Эклектика

Жамин Алексей
Привет, Валера, родина может спать спокойно, - ты на посту. Родина спит при любых обстоятельствах; ты работать или проигрывать? Это шутка, как я понимаю. Значит работать, проходи – наряд отметишь у шефа. Контраст света и тени. Всё пляшет всеми цветами, яркими и неестественными, полумрак только подчёркивает их назойливость, звучит булькающая электронная музыка. Редкие посетители, но всё же разбросаны по залу – игра продолжается; мир стоит на месте, времени не существует, пока в кармане есть жетоны. Проверить пломбу, записать номера, открыть крышку, проверить блок, проделать всё в обратном порядке, записать в наряд…. Глухой звук около входа, но резкий, щелчковый, игрушечный, как палкой по пустой ржавой бочке. Всем лежать! На пол! Валера сползает на ступени, он не успел лечь. Упасть, но только за железный ящик; упасть, нужно успеть упасть, яркая вспышка, на фоне робкого, льняного дневного света….
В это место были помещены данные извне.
(* Write L_{-1} = a / (1 - a L_r) with a = ||A_c^{-1}||; this equals a + L_t.
   Every estimate on g = (A_c + r)^{-1} comes from one absorption step:
   P <= a (Q + L_r P) implies P <= L_{-1} Q.  Since
   A_c (g x - g x') = (x - x') - (r (g x) - r (g x')), this makes g
   L_{-1}-Lipschitz; the same computation for g_1 x - g_2 x bounds
   ||g_1 - g_2||_0 by L_{-1} ||r - r~||_0; applied to A_c + Dr(y), together
   with Banach's fixed point theorem for surjectivity, it shows that
   A_c + Dr(g x) has an inverse of norm <= L_{-1}, which is Dg(x).  Estimate
   (i) then follows from the mean value inequality, and estimate (ii) from the
   chain rule by telescoping D(h o f_1 o g_1) - D(h o f_2 o g_2) through four
   intermediate terms, with Dg_1 - Dg_2 = Dg_2 (Dr~(g_2 x) - Dr(g_1 x)) Dg_1. *)

From HB Require Import structures.
From mathcomp Require Import all_boot all_order all_algebra.
From mathcomp Require Import all_classical all_reals all_analysis.
From mathcomp Require Import ring lra.
Import Order.TTheory GRing.Theory Num.Theory.
Import numFieldNormedType.Exports.
Local Open Scope classical_set_scope.
Local Open Scope ring_scope.

Section LinearOf.
Context {R : realType} {U V : normedModType R} (f : U -> V) (f_lin : linear f).
Definition linear_of_fun := f.
HB.instance Definition _ := GRing.isLinear.Build R U V *:%R linear_of_fun f_lin.
Definition linear_of : {linear U -> V} := linear_of_fun.
End LinearOf.
Lemma principal_form_upper (R : realFieldType) (lam mu d eps K x0 x1 x2 x3 x4 : R) :
  0 < lam -> 0 < mu -> mu <= 5^-1 -> d = 10 * lam + mu + 9 ->
  6 * d * eps = (3 * mu + 2) ^+ 2 -> 8 * lam + 1 <= K -> 4 * lam + 6 <= K ->
  principal_form lam mu eps x0 x1 x2 x3 x4
    <= K * (x0 ^+ 2 + x1 ^+ 2 + x2 ^+ 2 + x3 ^+ 2 + x4 ^+ 2).
Proof.
move=> hlam hmu0 hmu1 hd heps hK1 hK2.
have [dl_gt0 dl_hi _ _] := coupling_bounds hlam hmu0 hmu1 hd heps.
have blk02 : 0 <= 4 * lam * x0 ^+ 2 + 8 * lam * x0 * x2 + 4 * lam * x2 ^+ 2.
  by apply: quad2_nonneg; nra.
have blk13 : 0 <= 1 / 3 * x1 ^+ 2 + - (2 * (1 - mu) / 3) * x1 * x3 + 1 / 3 * x3 ^+ 2.
  by apply: quad2_nonneg; nra.
have blk23 : 0 <= 1 / 5 * x2 ^+ 2 + 2 * (1 - mu) / 5 * x2 * x3 + 1 / 5 * x3 ^+ 2.
  by apply: quad2_nonneg; nra.
have blk24 : 0 <= eps / 2 * x2 ^+ 2 + eps * x2 * x4 + eps / 2 * x4 ^+ 2.
  by apply: quad2_nonneg; nra.
have blk34 : 0 <= 13 / 15 * x3 ^+ 2 + - (2 * mu + 4 / 3) * x3 * x4 + 13 / 15 * x4 ^+ 2.
  by apply: quad2_nonneg; nra.
have s0 := sqr_ge0 x0; have s1 := sqr_ge0 x1; have s2 := sqr_ge0 x2.
have s3 := sqr_ge0 x3; have s4 := sqr_ge0 x4.
have dom0 : 8 * lam * x0 ^+ 2 <= K * x0 ^+ 2 by apply: ler_wpM2r; lra.
have dom1 : 2 * x1 ^+ 2 <= K * x1 ^+ 2 by apply: ler_wpM2r; lra.
have dom2 : (8 * lam + 1) * x2 ^+ 2 <= K * x2 ^+ 2 by apply: ler_wpM2r; lra.
have dom3 : (4 * lam + 6) * x3 ^+ 2 <= K * x3 ^+ 2 by apply: ler_wpM2r; lra.
have dom4 : 6 * x4 ^+ 2 <= K * x4 ^+ 2 by apply: ler_wpM2r; lra.
have eps2 : eps * x2 ^+ 2 <= 1 / 7 * x2 ^+ 2 by apply: ler_wpM2r; lra.
have eps4 : eps * x4 ^+ 2 <= 1 / 7 * x4 ^+ 2 by apply: ler_wpM2r; lra.
have mu2 : 0 <= mu * x2 ^+ 2 by apply: mulr_ge0; lra.
rewrite /principal_form; lra.
Qed.
Lemma kcoef_kpevalZ (k : K) p x g :
  kcoef (kpeval (k *: p) x) g = k * kcoef (kpeval p x) g.
Proof.
rewrite (kcoef_kpeval x g (size_scale_leq k p)) (kcoef_kpeval x g (leqnn _)) big_distrr.
by apply: eq_bigr => i _; rewrite coefZ -mulrA.
Qed.

Lemma kcoef_kpevalN p x g : kcoef (kpeval (- p) x) g = - kcoef (kpeval p x) g.
Proof. by rewrite -scaleN1r kcoef_kpevalZ mulN1r. Qed.

Lemma kcoef_kpevalXM p x g :
  kcoef (kpeval ('X * p) x) g = kcoef (kmul (kpeval p x) x) g.
Proof.
have sizeXp : (size ('X * p)%R <= (size p).+1)%N.
  have [->|p_nz] := eqVneq p 0; first by rewrite mulr0 size_poly0.
  by rewrite mulrC size_mulX.
rewrite (kcoef_kpeval x g sizeXp) big_ord_recl coefXM /= mul0r add0r.
rewrite (@kcoef_mul_lin _ x (size p) (fun i => p`_i) (kpow x) g (fun g0 => kcoef_kpeval x g0 (leqnn _))).
by apply: eq_bigr => i _; rewrite coefXM.
Qed.

Lemma khorner_comm s x : keqv (kmul (khorner s x) x) (kmul x (khorner s x)).
Proof.
elim: s => [|c s IH]; first exact: keqv_sym (kmul0r _).
rewrite khorner_cons; apply: keqv_trans (kmulDl _ _ _) _; apply: keqv_sym.
apply: keqv_trans (kmulDr _ _ _) _; apply: keqv_add.
  by apply: keqv_trans (keqv_sym (kmulA _ _ _)) _; apply: keqv_mul (keqv_sym IH) _.
move=> g; rewrite kcoef_mull kcoef_mulr; apply: eq_bigr => q _.
rewrite !kcoefE !big_seq1 /= ![(1 == _)%g]eq_sym mulg_eq1 eqg_inv divg_eq1.
by rewrite [(g == _)%g]eq_sym mulrC.
Qed.

Lemma khorner_star s x : keqv (kstar (khorner s x)) (khorner s (kstar x)).
Proof.
elim: s => [|c s IH] //; rewrite !khorner_cons kstar_add.
apply: keqv_add; last first.
  by move=> g; rewrite kcoef_star !kcoef_scale !kcoefE !big_seq1 /= -{1}invg1 eqg_inv.
apply: keqv_trans (kstarM _ _) _; apply: keqv_trans _ (keqv_sym (khorner_comm _ _)).
exact: keqv_mul.
Qed.

Lemma khorner_keqv s x y : keqv x y -> keqv (khorner s x) (khorner s y).
Proof.
move=> Exy; elim: s => [|c s IH] //; rewrite !khorner_cons.
by apply: keqv_add => //; apply: keqv_mul.
Qed.

Lemma kpeval_sym p x : ksym x -> ksym (kpeval p x).
Proof.
move=> Hx; apply: keqv_trans (khorner_star _ _) _; exact: khorner_keqv.
Qed.

End PolynomialEvaluation.

Lemma nat_ind2 (P : nat -> Prop) :
  P 0%N -> P 1%N -> (forall k, P k -> P k.+1 -> P k.+2) -> forall k, P k.
Proof.
move=> P0 P1 PS k; suff: P k /\ P k.+1 by case.
by elim: k => [|k [Pk Pk1]]; split => //; apply: PS.
Qed.

Lemma eq_mulgV (G : groupType) (a b g : G) : (a == g * b^-1)%g = (a * b == g)%g.
Proof. by apply/eqP/eqP => [->|<-]; rewrite ?mulgVK ?mulgK. Qed.

Lemma eq_mulg (G : groupType) (a b g : G) : (a == g * b)%g = (a * b^-1 == g)%g.
Proof. by apply/eqP/eqP => [->|<-]; rewrite ?mulgK ?mulgVK. Qed.

Section Chebyshev.
Variables (K : fieldType) (G : groupType) (h : G).
Hypothesis two_nz : (2%:R : K) != 0.
Local Notation kG := (kG K G).
Local Notation X := (kbar (kgrp K h)).
Local Notation D := (ksub (kgrp K h) (kgrp K h^-1)).

Lemma kcoef_mulX (y : kG) g :
  kcoef (kmul y X) g = 2^-1 * (kcoef y (g * h^-1)%g + kcoef y (g * h)%g).
Proof.
by rewrite kcoef_mulr /kbar /kscale /kadd /kstar /kgrp /= !big_cons big_nil /= invgK; ring.
Qed.

Lemma kcoef_mulD (y : kG) g :
  kcoef (kmul y D) g = kcoef y (g * h^-1)%g - kcoef y (g * h)%g.
Proof.
by rewrite kcoef_mulr /ksub /kopp /kadd /kgrp /= !big_cons big_nil /= invgK; ring.
Qed.

Lemma kcoef_kpeval_rec (p q : {poly K}) g :
  kcoef (kpeval (2%:R *: 'X * p - q) X) g =
  kcoef (kpeval p X) (g * h^-1)%g + kcoef (kpeval p X) (g * h)%g
  - kcoef (kpeval q X) g.
Proof.
rewrite -scalerAl kcoef_kpevalD kcoef_kpevalZ kcoef_kpevalN kcoef_kpevalXM.
by rewrite kcoef_mulX mulrA mulfV // mul1r.
Qed.

Local Notation F k g := (kcoef (kpeval (Pnat K k) X) g).
Local Notation delta a g := (if (a == g)%g then (1 : K) else 0).

Lemma F_rec k g : F k.+2 g = F k.+1 (g * h^-1)%g + F k.+1 (g * h)%g - F k g.
Proof. by rewrite Pnat_rec kcoef_kpeval_rec. Qed.

Lemma F0 g : F 0 g = 0.
Proof. by rewrite (kcoef_kpeval _ _ (_ : size (Pnat K 0) <= 0)%N) ?big_ord0 ?size_poly0. Qed.

Lemma F1 g : F 1 g = delta 1%g g.
Proof.
rewrite (kcoef_kpeval _ _ (_ : size (Pnat K 1) <= 1)%N) ?size_poly1 //.
by rewrite big_ord1 coef1 mul1r kcoefE big_seq1.
Qed.

Lemma F_cheb k g :
  F k (g * h^-1)%g - F k (g * h)%g = delta (h ^+ k)%g g - delta (h ^+ k)^-1%g g.
Proof.
elim/nat_ind2: k g => [g|g|k IH0 IH1 g].
- by rewrite !F0 expg0 invg1 !subrr.
- by rewrite !F1 expg1 eq_mulgV eq_mulg mul1g div1g ![(_ == g)%g]eq_sym.
have := IH1 (g * h^-1)%g; rewrite mulgVK eq_mulgV eq_mulgV -expgSr.
have -> : ((h ^+ k.+1)^-1 * h = (h ^+ k)^-1)%g by rewrite expgS invgM mulgVK.
have := IH1 (g * h)%g; rewrite mulgK eq_mulg eq_mulg -invgM -expgS.
have -> : (h ^+ k.+1 * h^-1 = h ^+ k)%g by rewrite expgSr mulgK.
rewrite !F_rec mulgVK mulgK => IH1r IH1l.
transitivity ((F k.+1 (g * h^-1 * h^-1)%g - F k.+1 g)
  + (F k.+1 g - F k.+1 (g * h * h)%g) - (F k (g * h^-1)%g - F k (g * h)%g)).
  by ring.
rewrite IH1l IH1r IH0.
by move: (delta _ g) (delta _ g) (delta _ g) (delta _ g) => a b c d; ring.
Qed.

Lemma kpeval_cheb n :
  keqv (ksub (kgrp K (gexpz h n)) (kgrp K (gexpz h n)^-1))
       (kmul (kpeval (Pcheb K n) X) D).
Proof.
move=> g; rewrite kcoef_sub !kcoef_grp kcoef_mulD; case: n => k /=.
  by rewrite F_cheb.
by rewrite !kcoef_kpevalN invgK -[LHS]opprK opprB -F_cheb; ring.
Qed.
End Chebyshev.


Theorem mainTheorem11 (K : fieldType) (charK0 : [pchar K] =i pred0)
    (G : groupType) (h : G) (n : int) :
  forall y : kG K G,
    sharpsharp (fun l => l = gexpz h n) y ->
    sharp_ideal (fun s => s = kpeval (Pcheb K n) (kbar (kgrp K h))) y.
Proof.
have two_nz : (2%:R : K) != 0 by rewrite (pcharf0P _).1.
set X := kbar (kgrp K h); set D := ksub (kgrp K h) (kgrp K h^-1).
set Pn := kpeval (Pcheb K n) X.
apply: sharp_ideal_sub => // _ [x [l [-> ->]]].
exists (kbar (kmul x D)), Pn; split => //; first exact/eqA_keqv/kbar_sym.
(* bar(x h^n) - bar(x h^-n) = bar(x (h^n - h^-n)) = bar(x Pn D) = bar(x D) Pn *)
apply: eqA_trans (kbar_mul_sym x D (kpeval_sym (Pcheb K n) (kbar_sym _))).
apply/eqA_keqv/keqv_sym; apply: keqv_trans (kbar_sub _ _); apply: keqv_bar.
apply: keqv_trans (kmulBr _ _ _); apply: keqv_mul => //.
exact/keqv_sym/kpeval_cheb.
Qed.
Дневной, яркий свет, совсем не робкий, а чувствующий себя здесь, на реке, полным хозяином, оставив прибрежные, лохматые толстые ивы в покое, выступил на тугую стремнину, которая врывается будто расплавленным стеклянным потоком бутылочного цвета между развалинами старой плотины, где и осталось лишь две трубы в целости – одна железная, другая бетонная. Остальное всё камни и камни. Ловить здесь неудобно, без конца приходится забрасывать удочку; момент – проскальзывает поплавок - и вновь заброс;


зато здесь хорошие шансы поймать рыбу побольше, а не какого-то пескаря; особенно хорошо берут окуньки, пока попадаются небольшие размером, но очень красивые, наряженные в зелёно-голубые полосы, ещё не потемневшие от глубины, на которой молодые пока не живут, - её, глубину, ещё надо завоевать у более старых и сильных, а пока надо просто расти и расти, жадно питаясь всем, что попадётся съедобное на пути, когда стоишь в течении или пробираешься между камнями разрушенной плотины, чьё обрушение окунька совершенно не волнует, была бы вода, было бы течение, была бы пища.


Вот он взлетает, прогнув удилище, блестящий, ещё не явно высветившийся силуэтом, а просто мелькающий искрящимися чешуйчатыми полосами и теребящими неустойчивый воздух красными плавниками, тяжелый рывком и вынудивший сильно отклониться назад и ноги на мокрой трубе съезжают обе сразу и нельзя ни за что ухватиться, только уже бросить удочку вместе с добычей и инстинктивно схватить в охапку маленького паренька, который просто стоит рядом и ничем, конечно, не мог помочь, но если уж лететь, то не одному, а, сомкнув руки на хрупких птичьих плечиках, и закричать отчаянно и, как ни странно, почти со смехом, и вот, раздадутся в стороны узких берегов стиснутого камнями прохода всплеснувшие волны и смех уже раздастся ниже по течению, где только мелкие перекаты и два тела барахтаются на камнях, скользких от налипших водорослей и быстро текущей по ним воды….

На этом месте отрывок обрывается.